* **Information shown**

------------------------------------

Lemma balance_grid_le (t : nat) : (t <= h)%nat ->
  balance n (2 * INR t * theta n) <= balance n optimal_angle.
Proof.
  intros Ht.
  pose proof theta_bounds as Hth. pose proof PI_theta_odd as HPI. pose proof PI_RGT_0.
  pose proof cos_theta_pos as Hc. pose proof (COS_bound (theta n)).
  pose proof m_bounds. pose proof (pos_INR m). pose proof (pos_INR t).
  assert (HtR : INR t <= INR h) by (apply le_INR; exact Ht).
  assert (1 <= INR h) by (apply (le_INR 1); exact h_pos).
  rewrite !balance_first_quadrant by nra.
  apply Rge_le, Rminus_ge, Rle_ge. rewrite cos_add_sin_div_sub by lra.
  replace ((2 * INR m * theta n - 2 * INR t * theta n) / 2) with ((INR m - INR t) * theta n)
    by field.
  replace ((2 * INR t * theta n + 2 * INR m * theta n) / 2) with ((INR m + INR t) * theta n)
    by field.
  set (M := (INR m + INR t) * theta n).
  destruct (Nat.lt_total t m) as [Hlt | [-> | Hgt]].
  - (* below the optimum both factors are nonnegative, since [M <= PI / 4] *)
    assert (INR t + 1 <= INR m) by (rewrite <- S_INR; apply le_INR; exact Hlt).
    assert (0 <= sin ((INR m - INR t) * theta n)) by (apply sin_ge_0; nra).
    pose proof (sin_le_cos_div (cos (theta n)) M ltac:(lra) ltac:(unfold M; split; nra)).
    apply Rmult_le_pos; lra.
  - rewrite Rminus_diag, Rmult_0_l, sin_0. lra.
  - (* above it both factors are nonpositive, since [PI / 4 + theta / 2 <= M <= PI / 2] *)
    assert (INR m + 1 <= INR t) by (rewrite <- S_INR; apply le_INR; exact Hgt).
    assert (sin ((INR m - INR t) * theta n) <= 0).
    { replace ((INR m - INR t) * theta n) with (- ((INR t - INR m) * theta n)) by ring.
      rewrite sin_neg.
      enough (0 <= sin ((INR t - INR m) * theta n)) by lra.
      apply sin_ge_0; nra. }
    pose proof (cos_div_cos2_le_sin (theta n / 2) M ltac:(lra) ltac:(unfold M; split; nra)).
    replace (2 * (theta n / 2)) with (theta n) in * by field.
    nra.
Qed.

Lemma balance_even_le (t : Z) :
  balance n (IZR (2 * t) * theta n) <= balance n optimal_angle.
Proof.
  pose proof (Z.div_mod t (Z.of_nat n) ltac:(lia)) as Hdm.
  pose proof (Z.mod_pos_bound t (Z.of_nat n) ltac:(lia)) as Hb.
  set (q := (t / Z.of_nat n)%Z) in *. set (r := (t mod Z.of_nat n)%Z) in *.
  replace (IZR (2 * t) * theta n) with (IZR (2 * r) * theta n + IZR q * PI)
    by (rewrite Hdm, (PI_theta n) by lia; push_IZR; ring).
  rewrite balance_add_PI_mult.
  destruct (Z_le_gt_dec r (Z.of_nat h)).
  - replace (IZR (2 * r) * theta n) with (2 * INR (Z.to_nat r) * theta n)
      by (rewrite INR_IZR_INZ, Z2Nat.id by lia; push_IZR; ring).
    apply balance_grid_le. lia.
  - replace (IZR (2 * r) * theta n) with (PI - 2 * INR (Z.to_nat (Z.of_nat n - r)) * theta n)
      by (rewrite INR_IZR_INZ, Z2Nat.id by lia; rewrite (PI_theta n) by lia; push_IZR; ring).
    rewrite balance_PI_sub. apply balance_grid_le. lia.
Qed.

Lemma balance_odd_le (t : Z) :
  Rabs (cos (IZR (2 * t + 1) * theta n)) / cos (theta n) + Rabs (sin (IZR (2 * t + 1) * theta n))
  <= balance n optimal_angle.
Proof.
  replace (IZR (2 * t + 1) * theta n) with (PI / 2 - IZR (2 * (Z.of_nat h - t)) * theta n)
    by (rewrite PI_theta_odd; push_IZR; field).
  rewrite cos_shift, sin_shift.
  pose proof (balance_even_le (Z.of_nat h - t)) as Hb. unfold balance in Hb |- *. lra.
Qed.

Lemma alt_sum_pair_le (i j k l q q' : Z) :
  kappa n * (alt_sum (IZR (4 * i) * theta n) (IZR (4 * j) * theta n) (IZR (4 * k) * theta n)
               (IZR (4 * l) * theta n) (IZR (2 * q) * theta n)
             + alt_sum (IZR (4 * i) * theta n) (IZR (4 * j) * theta n) (IZR (4 * l) * theta n)
               (IZR (4 * k) * theta n) (IZR (2 * q') * theta n))
  <= 2 * balance n optimal_angle.
Proof.
  replace (IZR (2 * q) * theta n) with (2 * (IZR q * theta n)) by (push_IZR; ring).
  replace (IZR (2 * q') * theta n) with (2 * (IZR q' * theta n)) by (push_IZR; ring).
  rewrite alt_sum_pair.
  replace (IZR q * theta n - IZR q' * theta n) with (IZR (q - q') * theta n) by (push_IZR; ring).
  replace (IZR q * theta n + IZR q' * theta n) with (IZR (q + q') * theta n) by (push_IZR; ring).
  pose proof kappa_pos.
  destruct (Z.Even_or_Odd (q + q')) as [[s E] | [s E]]; rewrite E.
  - pose proof (cos_diff_le_even s i j). pose proof (cos_diff_le_even s j i).
    pose proof (sin_diff_le_even s k l). pose proof (sin_diff_le_even s l k).
    refine (Rle_trans _ _ _ (scaled_pair_le (kappa n) _ _ _ _
              (1 + cos (2 * theta n)) (2 * cos (theta n)) _ _ _) _); [lra | lra | lra |].
    rewrite kappa_mul, kappa_mul_cos, Rmult_1_r.
    pose proof (balance_even_le (q - s)) as Hb.
    replace (2 * (q - s))%Z with (q - q')%Z in Hb by lia.
    unfold balance at 1 in Hb. unfold Rdiv in Hb. lra.
  - pose proof (cos_diff_le_odd s i j). pose proof (cos_diff_le_odd s j i).
    pose proof (sin_diff_le_odd s k l). pose proof (sin_diff_le_odd s l k).
    refine (Rle_trans _ _ _ (scaled_pair_le (kappa n) _ _ _ _
              (2 * cos (theta n)) (1 + cos (2 * theta n)) _ _ _) _); [lra | lra | lra |].
    rewrite kappa_mul, kappa_mul_cos, Rmult_1_r.
    pose proof (balance_odd_le (q - s - 1)) as Hb.
    replace (2 * (q - s - 1) + 1)%Z with (q - q')%Z in Hb by lia. unfold Rdiv in Hb. lra.
Qed.

Lemma effects_alt_sum_le e f (i j k l : Z) :
  (forall a, 0 <= vertex_value n e a <= 1) -> (forall a, 0 <= vertex_value n f a <= 1) ->
  (vertex_value n e i + vertex_value n f i) - (vertex_value n e j + vertex_value n f j)
  + (vertex_value n e k - vertex_value n f k) - (vertex_value n e l - vertex_value n f l)
  <= 2 * balance n optimal_angle.
Proof.
  destruct e as [[e1 e2] e3], f as [[f1 f2] f3]. intros He Hf.
  set (ci := cos (IZR (4 * i) * theta n)). set (si := sin (IZR (4 * i) * theta n)).
  set (cj := cos (IZR (4 * j) * theta n)). set (sj := sin (IZR (4 * j) * theta n)).
  set (ck := cos (IZR (4 * k) * theta n)). set (sk := sin (IZR (4 * k) * theta n)).
  set (cl := cos (IZR (4 * l) * theta n)). set (sl := sin (IZR (4 * l) * theta n)).
  destruct (effect_pairing_le e1 e2 e3 (ci - cj + ck - cl) (si - sj + sk - sl) He) as [q Hq].
  destruct (effect_pairing_le f1 f2 f3 (ci - cj + cl - ck) (si - sj + sl - sk) Hf) as [q' Hq'].
  pose proof (alt_sum_pair_le i j k l q q') as Hpair.
  rewrite !alt_sum_cos_sin in Hpair. fold ci si cj sj ck sk cl sl in Hpair.
  unfold vertex_value. fold ci si cj sj ck sk cl sl. lra.
Qed.

Lemma Pbar_le_optimal M1p M1m M2p M2m : dichotomic n M1p M1m -> dichotomic n M2p M2m ->
  Pbar n M1p M1m M2p M2m <= / 4 * (2 + balance n optimal_angle).
Proof.
  intros D1 D2.
  assert (Hval : forall Mp Mm, dichotomic n Mp Mm ->
            (forall a, 0 <= vertex_value n Mp a <= 1) /\ (forall a, 0 <= vertex_value n Mm a <= 1)).
  { intros Mp Mm D. destruct D as [Hp [Hm _]].
    split; apply is_effect_iff; [lia | exact Hp | lia | exact Hm]. }
  destruct (Hval _ _ D1) as [H1p H1m], (Hval _ _ D2) as [H2p H2m].
  destruct (fnorm_vadd_effects n M1p M2p ltac:(lia) H1p H2p) as [i Hi].
  destruct (fnorm_vadd_effects n M1p M2m ltac:(lia) H1p H2m) as [k Hk].
  destruct (fnorm_vadd_effects n M1m M2p ltac:(lia) H1m H2p) as [l Hl].
  destruct (fnorm_vadd_effects n M1m M2m ltac:(lia) H1m H2m) as [j Hj].
  rewrite !(dichotomic_value n M1p M1m _ D1), !(dichotomic_value n M2p M2m _ D2) in *.
  pose proof (effects_alt_sum_le M1p M2p i j k l H1p H2p).
  unfold Pbar. rewrite Hi, Hj, Hk, Hl. lra.
Qed.

(* [optimal_effect P] has its linear part at the vertex of direction [P] of the polygon of
   [effect_in_polygon]; the offset makes its vertex values fill [0, 1]. *)
Definition optimal_offset : R := if Z.even (Z.of_nat m) then 1 - kappa n else kappa n.

Definition optimal_effect (P : R) : vec3 :=
  (kappa n / rn n * cos P, kappa n / rn n * sin P, optimal_offset).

------------------------------------

* **Task prompt**
Out of the material above, output word for word the line with "assert (INR t", the line with "- replace (IZR (2 * r) * theta n) with (2", and all lines between them, with nothing else.

* **Result of this task**
    assert (INR t + 1 <= INR m) by (rewrite <- S_INR; apply le_INR; exact Hlt).
    assert (0 <= sin ((INR m - INR t) * theta n)) by (apply sin_ge_0; nra).
    pose proof (sin_le_cos_div (cos (theta n)) M ltac:(lra) ltac:(unfold M; split; nra)).
    apply Rmult_le_pos; lra.
  - rewrite Rminus_diag, Rmult_0_l, sin_0. lra.
  - (* above it both factors are nonpositive, since [PI / 4 + theta / 2 <= M <= PI / 2] *)
    assert (INR m + 1 <= INR t) by (rewrite <- S_INR; apply le_INR; exact Hgt).
    assert (sin ((INR m - INR t) * theta n) <= 0).
    { replace ((INR m - INR t) * theta n) with (- ((INR t - INR m) * theta n)) by ring.
      rewrite sin_neg.
      enough (0 <= sin ((INR t - INR m) * theta n)) by lra.
      apply sin_ge_0; nra. }
    pose proof (cos_div_cos2_le_sin (theta n / 2) M ltac:(lra) ltac:(unfold M; split; nra)).
    replace (2 * (theta n / 2)) with (theta n) in * by field.
    nra.
Qed.

Lemma balance_even_le (t : Z) :
  balance n (IZR (2 * t) * theta n) <= balance n optimal_angle.
Proof.
  pose proof (Z.div_mod t (Z.of_nat n) ltac:(lia)) as Hdm.
  pose proof (Z.mod_pos_bound t (Z.of_nat n) ltac:(lia)) as Hb.
  set (q := (t / Z.of_nat n)%Z) in *. set (r := (t mod Z.of_nat n)%Z) in *.
  replace (IZR (2 * t) * theta n) with (IZR (2 * r) * theta n + IZR q * PI)
    by (rewrite Hdm, (PI_theta n) by lia; push_IZR; ring).
  rewrite balance_add_PI_mult.
  destruct (Z_le_gt_dec r (Z.of_nat h)).
  - replace (IZR (2 * r) * theta n) with (2 * INR (Z.to_nat r) * theta n)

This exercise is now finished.